Mark Dowd published a paper [here] recently called “Application-Specific Attacks: Leveraging the ActionScript Virtual Machine”; that has excited researchers [here]. In it Mark points out techniques that promise to open up a class of exploits and vulnerability research previously thought to be prohibitively difficult, in other words exploiting Null Pointers.

But what are Null Pointers to start with? A Null Pointer is simply a pointer with a value of zero. It is considered an error to dereference a null pointer. In C terms think of malloc, the C function that allocates chunks of memory for programs to work with. When malloc fails, it returns NULL. According to many a university lecturers, their students are meant to check for that value, because malloc can fail at absolutely any time, and it makes sense since their code is not the only program claiming memory. Unfortunately the reality is far from it.

You can read an excellent technical write-up on Dowd’s hardcore exploit by Thomas Ptacek (of Matasano) blog [here].

There is an old saying, “Give a man a fish and you fed him for a day; teach him how to fish and you fed him for a life”*. In other words as long as we keep forcing developers to correct their mistakes but ignore teaching them, and them memorising, how to code properly we’ll always get into a similar situations - yes, kudos to Mark Dowd for doing something neat like this but then again, nothing to look here, move along.

It wont take long before businesses use this for fear-mongering and publicity stunts, to sell more products, more services and ensure us all that their product/service offers all the guarantees that corporations need. [read the Update!]

* For transparency I must include the following saying as well, “Give a man a fish and you fed him for a day. But if you knock him down and take his fish, you can sell it and buy some weed.”

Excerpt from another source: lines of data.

(* Near the endpoint 0 all derivatives phi^(j), j < k, vanish and phi^(k) has
   no zero on some (0, e]; by the mean value theorem, starting from phi > 0 and
   going up, then from the sign of phi^(k) and going down, every phi^(j) with
   j <= k is positive on (0, e].  There G = (phi^(i+1))^2 - 2 phi^(i) phi^(i+2)
   vanishes at 0 and has derivative -2 phi^(i) phi^(i+3) <= 0, so
   (phi^(j)(t))_j is log-concave up to a factor 2, which iterates to
   |phi^(r) phi^(a)| <= 2^(r a) phi |phi^(r+a)|.  The endpoint 1 is handled by
   reflection t |-> 1 - t and phi is bounded below in between, hence
   |phi^(r) phi^(a)| <= C |phi| on [0, 1].  Since the numerator is also bounded
   and 0 <= 1/p <= 1, the quotient is bounded by C + M. *)

Section real_facts.
Variable R : realType.
Implicit Types (f : R -> R) (a b : R).

Lemma unif_continuous_continuous f : unif_continuous f -> continuous f.
Proof.
move=> /unif_continuousP f_uc x; apply/cvgrPdist_lt => e e_gt0.
have [d d_gt0 Hd] := f_uc e e_gt0.
near=> y.
have xy : ball x d y by near: y; exists d => // z /=; rewrite -ball_normE.
by have := Hd (x, y) xy; rewrite /= -ball_normE.
Unshelve. all: by end_near. Qed.

Lemma continuous_of_is_derive f (df : R -> R) :
  (forall x : R, is_derive x 1 f (df x)) -> continuous f.
Proof.
move=> f_df x; apply: differentiable_continuous.
by apply/derivable1_diffP; exact: (f_df x).(ex_derive).
Qed.

Lemma MVT_is_derive f (df : R -> R) a b :
  (forall x : R, is_derive x 1 f (df x)) -> a < b ->
  exists2 c, a < c < b & f b - f a = df c * (b - a).
Proof.
move=> f_df ab.
have [c] := MVT ab (fun x _ => f_df x)
  (continuous_subspaceT (continuous_of_is_derive f_df)).
by rewrite in_itv /= => c_ab E; exists c.
Qed.

Lemma is_derive_reflect f (df c x : R) :
  is_derive (c - x) 1 f df -> is_derive x 1 (fun s => f (c - s)) (- df).
Proof.
move=> f_df.
have refl_d : is_derive x 1 (fun s : R => c - s) (0 - 1).
  exact: is_deriveB (is_derive_cst c x 1) (is_derive_id x 1).
have refl_dv : derivable (fun s : R => c - s) x 1 := refl_d.(ex_derive).
have f_dv : derivable f (c - x) 1 := f_df.(ex_derive).
apply: DeriveDef.
  by apply/derivable1_diffP; apply: differentiable_comp; exact/derivable1_diffP.
rewrite -derive1E (derive1_comp refl_dv f_dv) !derive1E.
by rewrite (@derive_val _ _ _ _ _ _ _ f_df) (@derive_val _ _ _ _ _ _ _ refl_d) sub0r mulrN1.
Qed.

Lemma continuous_vanishing_left_eq0 f a :
  {for a, continuous f} -> (forall y, y < a -> f y = 0) -> f a = 0.
Proof.
move=> f_cont f_eq0.
apply: (norm_cvg_unique (cvg_at_left_filter f_cont)).
apply: cvg_near_cst; near=> y; apply: f_eq0; near: y; exact: nbhs_left_lt.
Unshelve. all: by end_near. Qed.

UPDATE: IT security software specialist Tier-3 says that a report on Slashdot regarding Flash vulnerabilities indicates that null pointer security flaws could be here to stay and quickly evolve into the next big thing in hacking exploits.

Tier-3’s, CTO, Geoff Sweeney agrees, “We have been monitoring this for some time and confirm that null pointer security flaws are exploitable and could quickly replace buffer overflows as the next big threat. Buffer overflows are of course still an issue, but they are a problem that has been tackled by the industry for many years. Null pointer de-referencing has not received anywhere near the same level of attention, which means that users need to be more vigilant than ever.”